(* Let $(\Omega,\mathcal F,\mathbb P)$ be a probability space carrying a group of measurable bijections $\{\theta_n\}_{n\in\mathbb Z}$ each preserving $\mathbb P$, and let $\{a_n\}_{n\in\mathbb Z}$ be i.i.d. random variables with values in $\{1,2,\dots\}$, compatible with the flow, with $\mathbb E[a_0]<\infty$ and $\mathbb P[a_0=1]>0$. Let $N_n=\#\{m\in\mathbb Z: m<n,\ m+a_m>n\}+1$ and $\Psi^o=\{m\in\mathbb Z:N_m=1\}$. Then under the Palm probability $\mathbb P_{\Psi^o}[\cdot]=\mathbb P[\cdot\mid 0\in\Psi^o]=\mathbb P[\cdot\mid N_0=1]$, the sequence $\{a_n\}_{n<0}$ is independent of $\{a_n\}_{n\ge 0}$.
   Context: A flow-compatible sequence means $a_n(\omega)=a_0(\theta_n\omega)$ for all $n$. The event $\{0\in\Psi^o\}$ has positive probability under these assumptions, so the conditional probability is well defined. *)

From HB Require Import structures.
From mathcomp Require Import all_boot all_order all_algebra.
From mathcomp Require Import all_classical all_reals all_analysis.
Set Implicit Arguments. Unset Strict Implicit. Unset Printing Implicit Defensive.
Import Order.TTheory GRing.Theory Num.Theory.
Local Open Scope classical_set_scope.
Local Open Scope ring_scope.

Section Defs.
Context (d : measure_display) (T : measurableType d) (R : realType).

Definition gen_sigma (a : int -> T -> nat) (I : set int) : set (set T) :=
  <<s \bigcup_(n in I) [set a n @^-1` B | B in [set: set nat]] >>.

(* { m : m < n, m + a_m > n } ; N_n = #(this set) + 1 *)
Definition Nset (a : int -> T -> nat) (n : int) (w : T) : set int :=
  [set m | m < n /\ n < m + (a m w)%:Z].

Definition N_is_one (a : int -> T -> nat) (n : int) (w : T) : Prop :=
  Nset a n w = set0.

Definition Psio (a : int -> T -> nat) (w : T) : set int :=
  [set m | N_is_one a m w].

Definition mutually_indep (P : probability T R) (a : int -> T -> nat) : Prop :=
  forall (s : seq int) (B : int -> set nat), uniq s ->
    (forall n, measurable (a n @^-1` B n)) ->
    fine (P (\bigcap_(n in [set` s]) a n @^-1` B n)) =
    \prod_(n <- s) fine (P (a n @^-1` B n)).

Definition ident_distr (P : probability T R) (a : int -> T -> nat) : Prop :=
  forall n (B : set nat), P (a n @^-1` B) = P (a 0 @^-1` B).

Definition condP (P : probability T R) (C A : set T) : R :=
  fine (P (A `&` C)) / fine (P C).

End Defs.

From HB Require Import structures.
From mathcomp Require Import all_boot all_order all_algebra.
From mathcomp Require Import all_classical all_reals all_analysis.
From mathcomp Require Import ring zify.

(* The event {N_0 = 1} is {a_m <= -m for every m < 0}, so it belongs to the
   sigma-algebra of the past {a_n}_(n<0).  Past and future are independent
   (pi-lambda theorem applied to finite cylinders), hence for a past A and a
   future B both A `&` C and C are past events, P(A & B & C) = P(A & C) P(B)
   and P(B & C) = P(C) P(B); dividing by P(C) gives the factorization. *)

Set Implicit Arguments.
Unset Strict Implicit.
Unset Printing Implicit Defensive.
Import Order.TTheory GRing.Theory Num.Theory.
Local Open Scope classical_set_scope.
Local Open Scope ring_scope.

Section cylinders.
Variables (T : Type) (a : int -> T -> nat).

Definition cyl (s : seq int) (B : int -> set nat) : set T :=
  \bigcap_(n in [set` s]) a n @^-1` B n.

Definition cylinders (I : set int) : set (set T) :=
  [set X | exists s B, (forall n, n \in s -> I n) /\ X = cyl s B].

Lemma cyl_undup s B : cyl (undup s) B = cyl s B.
Proof. by congr bigcap; apply/seteqP; split => n /=; rewrite mem_undup. Qed.

Lemma cylI s t B C : cyl s B `&` cyl t C =
  cyl (s ++ t) (fun n => (if n \in s then B n else setT) `&`
                         (if n \in t then C n else setT)).
Proof.
apply/seteqP; split => w /=.
  move=> [Bw Cw] n _ /=.
  by split; case: ifP => // n_in; [exact: Bw | exact: Cw].
move=> stw; split => n /= n_in.
  by have := stw n; rewrite /= mem_cat n_in => /(_ isT) [].
by have := stw n; rewrite /= mem_cat n_in orbT => /(_ isT) [].
Qed.

Lemma cylinders_setI_closed I : setI_closed (cylinders I).
Proof.
move=> _ _ [s [B [sI ->]]] [t [C [tI ->]]]; rewrite cylI.
by eexists _, _; split; last reflexivity; move=> n; rewrite mem_cat => /orP[/sI|/tI].
Qed.

End cylinders.

Section independence.
Context d (T : measurableType d) (R : realType) (P : probability T R).

Definition indep_of (Y : set T) : set (set T) :=
  [set X | measurable X /\ P (X `&` Y) = (P X * P Y)%E].

Lemma indep_of_lambda_system Y : measurable Y -> lambda_system setT (indep_of Y).
Proof.
move=> mY; split => //.
- by split; [exact: measurableT | rewrite setTI probability_setT mul1e].
- move=> X Z ZX [mX XY] [mZ ZY]; split; first exact: measurableD.
  have mXY := measurableI _ _ mX mY.
  rewrite [in RHS]measureD ?ltey_eq ?fin_num_measure //.
  rewrite setIDAC setIDA measureD ?ltey_eq ?fin_num_measure //.
  rewrite setIAC (setIidr ZX) muleBl ?fin_num_adde_defl ?fin_numN ?fin_num_measure //.
  by congr (_ - _)%E; [exact: XY | exact: ZY].
- move=> F ndF FY; have mF n := (FY n).1.
  have mU := bigcupT_measurable _ mF; split => //.
  have ndFY : nondecreasing_seq (fun n => F n `&` Y).
    by move=> n m nm; apply/subsetPset; apply: setSI; apply/subsetPset; exact: ndF.
  have := @nondecreasing_cvg_mu _ _ _ P _ (fun n => measurableI _ _ (mF n) mY)
    (bigcupT_measurable _ (fun n => measurableI _ _ (mF n) mY)) ndFY.
  rewrite -setI_bigcupl (_ : P \o _ = (fun n => P (F n) * P Y)%E); last first.
    by apply/funext => n /=; rewrite (FY n).2.
  have cvgF := @nondecreasing_cvg_mu _ _ _ P _ mF mU ndF.
  by move=> cvgFY; exact: (cvg_unique _ cvgFY (cvgeZr (fin_num_measure P _ mY) cvgF)).
Qed.

(* When P C = 0 both sides are 0, since x / 0 = 0. *)
Lemma condP_setI_indep A B C :
  measurable (A `&` C) -> measurable B -> measurable C ->
  P (A `&` C `&` B) = (P (A `&` C) * P B)%E -> P (C `&` B) = (P C * P B)%E ->
  condP P C (A `&` B) = condP P C A * condP P C B.
Proof.
move=> mAC mB mC ACB CB.
rewrite /condP setIAC ACB [B `&` C]setIC CB !fineM ?fin_num_measure //.
have [->|PC_neq0] := eqVneq (fine (P C)) 0; first by rewrite invr0 !mulr0.
by field.
Qed.

Lemma g_sigma_indep (G H : set (set T)) :
  setI_closed G -> setI_closed H -> G `<=` measurable -> H `<=` measurable ->
  (forall X Y, G X -> H Y -> P (X `&` Y) = (P X * P Y)%E) ->
  forall X Y, <<s G >> X -> <<s H >> Y -> P (X `&` Y) = (P X * P Y)%E.
Proof.
move=> GI HI mG mH GH.
have indep_H Y : H Y -> <<s G >> `<=` indep_of Y.
  move=> HY; apply: (lambda_system_subset GI (indep_of_lambda_system (mH _ HY))).
    by move=> X GX; split; [exact: mG | exact: GH].
  by [].
move=> X Y sGX; suff : <<s H >> `<=` indep_of X.
  by move=> /[apply] -[_]; rewrite setIC muleC.
apply: (lambda_system_subset HI (indep_of_lambda_system _)); last by [].
  exact: (smallest_sub (@sigma_algebra_measurable _ T) mG sGX).
move=> Z HZ; split; first exact: mH.
by have [_] := indep_H Z HZ X sGX; rewrite setIC muleC.
Qed.

End independence.

Section generated_sigma_algebra.
Context d (T : measurableType d) (a : int -> T -> nat).

Let generators I := \bigcup_(n in I) [set a n @^-1` B | B in [set: set nat]].

Lemma gen_sigmaI I : setI_closed (gen_sigma a I).
Proof. exact: (@measurableI _ (g_sigma_algebraType (generators I))). Qed.

Lemma gen_sigma_bigcap I (F : (set T)^nat) :
  (forall k, gen_sigma a I (F k)) -> gen_sigma a I (\bigcap_k F k).
Proof. exact: (@bigcapT_measurable _ (g_sigma_algebraType (generators I))). Qed.

Lemma gen_sigma_sub_cylinders I : gen_sigma a I `<=` <<s cylinders a I >>.
Proof.
apply: sub_smallest2r; first exact: smallest_sigma_algebra.
move=> _ [n In [B _ <-]]; exists [:: n], (fun=> B); split.
  by move=> m; rewrite inE => /eqP ->.
apply/seteqP; split => w /=; first by move=> Bw m; rewrite /= inE => /eqP ->.
by apply; rewrite /= inE.
Qed.

Lemma N_is_one_bigcap n : [set w | N_is_one a n w] =
  \bigcap_(k : nat) a (n - k.+1%:Z) @^-1` [set j | (j <= k.+1)%N].
Proof.
apply/seteqP; split => w /=.
  move=> Nw k _ /=; rewrite leqNgt; apply/negP => ak.
  have : Nset a n w (n - k.+1%:Z) by split; lia.
  by rewrite Nw.
move=> wk; apply/seteqP; split => // m [mn nm].
have := wk `|n - m|.-1 I; rewrite /=.
have -> : n - (`|n - m|.-1).+1%:Z = m by lia.
lia.
Qed.

Lemma N_is_one_gen_sigma n : gen_sigma a [set m | m < n] [set w | N_is_one a n w].
Proof.
rewrite N_is_one_bigcap; apply: gen_sigma_bigcap => k.
apply: sub_sigma_algebra; exists (n - k.+1%:Z); first by rewrite /= ltrBlDl ltrDr.
by exists [set j | (j <= k.+1)%N].
Qed.

End generated_sigma_algebra.

Section gen_sigma_independence.
Context d (T : measurableType d) (R : realType) (P : probability T R).
Variable a : int -> T -> nat.
Hypothesis a_meas : forall n (B : set nat), measurable (a n @^-1` B).
Hypothesis a_indep : mutually_indep P a.

Lemma cyl_measurable s B : measurable (cyl a s B).
Proof. by apply: fin_bigcap_measurable => [|n _]; [exact: finite_seq | exact: a_meas]. Qed.

Lemma gen_sigma_measurable I : gen_sigma a I `<=` measurable.
Proof.
apply: smallest_sub; first exact: sigma_algebra_measurable.
by move=> _ [n _ [B _ <-]]; exact: a_meas.
Qed.

Lemma cylinders_indep I J : I `&` J = set0 -> forall X Y,
  cylinders a I X -> cylinders a J Y -> P (X `&` Y) = (P X * P Y)%E.
Proof.
move=> IJ _ _ [s [B [sI ->]]] [t [C [tJ ->]]].
(* mutually_indep only speaks about duplicate-free index lists. *)
rewrite -(cyl_undup _ s) -(cyl_undup _ t) cylI.
set u := undup s; set v := undup t.
have u_notin_v n : n \in u -> n \notin v.
  rewrite !mem_undup => /sI In; apply/negP => /tJ Jn.
  by have : (I `&` J) n by []; rewrite IJ.
have uniq_uv : uniq (u ++ v).
  rewrite cat_uniq !undup_uniq andbT; apply/hasPn => n nv.
  by apply/negP => /u_notin_v; rewrite nv.
have v_notin_u n : n \in v -> n \notin u.
  by move=> nv; apply/negP => /u_notin_v; rewrite nv.
transitivity ((fine (P (cyl a u B)) * fine (P (cyl a v C)))%:E); last first.
  by rewrite EFinM !fineK //; apply: fin_num_measure; exact: cyl_measurable.
rewrite -[LHS]fineK; last by apply: fin_num_measure; exact: cyl_measurable.
congr (_%:E).
rewrite /cyl [LHS]a_indep // big_cat /= !a_indep ?undup_uniq //.
congr (_ * _); apply: eq_big_seq => n n_in.
  by rewrite n_in (negbTE (u_notin_v n n_in)) setIT.
by rewrite n_in (negbTE (v_notin_u n n_in)) setTI.
Qed.

Lemma cylinders_measurable I : cylinders a I `<=` measurable.
Proof. by move=> _ [s [B [_ ->]]]; exact: cyl_measurable. Qed.

Lemma gen_sigma_indep I J : I `&` J = set0 -> forall X Y,
  gen_sigma a I X -> gen_sigma a J Y -> P (X `&` Y) = (P X * P Y)%E.
Proof.
move=> IJ X Y /gen_sigma_sub_cylinders IX /gen_sigma_sub_cylinders JY.
apply: (g_sigma_indep _ _ _ _ _ IX JY).
- exact: cylinders_setI_closed.
- exact: cylinders_setI_closed.
- exact: cylinders_measurable.
- exact: cylinders_measurable.
- exact: cylinders_indep.
Qed.

End gen_sigma_independence.

Theorem mainTheorem2 (d : measure_display) (T : measurableType d) (R : realType)
  (P : probability T R) (theta : int -> T -> T) (a : int -> T -> nat)
  (* group of measurable bijections preserving P *)
  (theta_meas : forall n, measurable_fun setT (theta n))
  (theta0 : forall w, theta 0 w = w)
  (thetaD : forall n m w, theta (n + m) w = theta n (theta m w))
  (theta_pres : forall n (A : set T), measurable A ->
     P (theta n @^-1` A) = P A)
  (* the a_n are random variables with values in {1,2,...} *)
  (a_meas : forall n (B : set nat), measurable (a n @^-1` B))
  (a_pos : forall n w, (0 < a n w)%N)
  (* i.i.d. *)
  (a_indep : mutually_indep P a)
  (a_ident : ident_distr P a)
  (* compatible with the flow *)
  (a_flow : forall n w, a n w = a 0 (theta n w))
  (* E[a_0] < oo and P[a_0 = 1] > 0 *)
  (a_int : (\int[P]_w ((a (0:int) w)%:R : R)%:E < +oo)%E)
  (a_one : (0 < P (a (0:int) @^-1` [set 1%N]))%E) :
  let C := [set w | Psio a w (0 : int)] in
  forall A B : set T,
    gen_sigma a [set n | n < 0] A ->
    gen_sigma a [set n | 0 <= n] B ->
    condP P C (A `&` B) = condP P C A * condP P C B.
Proof.
move=> C A B pastA futureB.
have pastC : gen_sigma a [set n | n < 0] C by exact: N_is_one_gen_sigma.
have pastAC := gen_sigmaI pastA pastC.
have past_future : [set n : int | n < 0] `&` [set n | 0 <= n] = set0.
  by apply/seteqP; split => // n [/= n_lt0]; rewrite leNgt n_lt0.
have measurable_gen := gen_sigma_measurable a_meas.
have indep := gen_sigma_indep a_meas a_indep past_future.
apply: condP_setI_indep.
- exact: measurable_gen pastAC.
- exact: measurable_gen futureB.
- exact: measurable_gen pastC.
- exact: indep pastAC futureB.
- exact: indep pastC futureB.
Qed.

******************************

◆ WHAT NEEDS TO BE DONE
Give the number of lines in the material above that include the string "Arguments", with no further text.

◆ RESULT OF THIS EXERCISE
2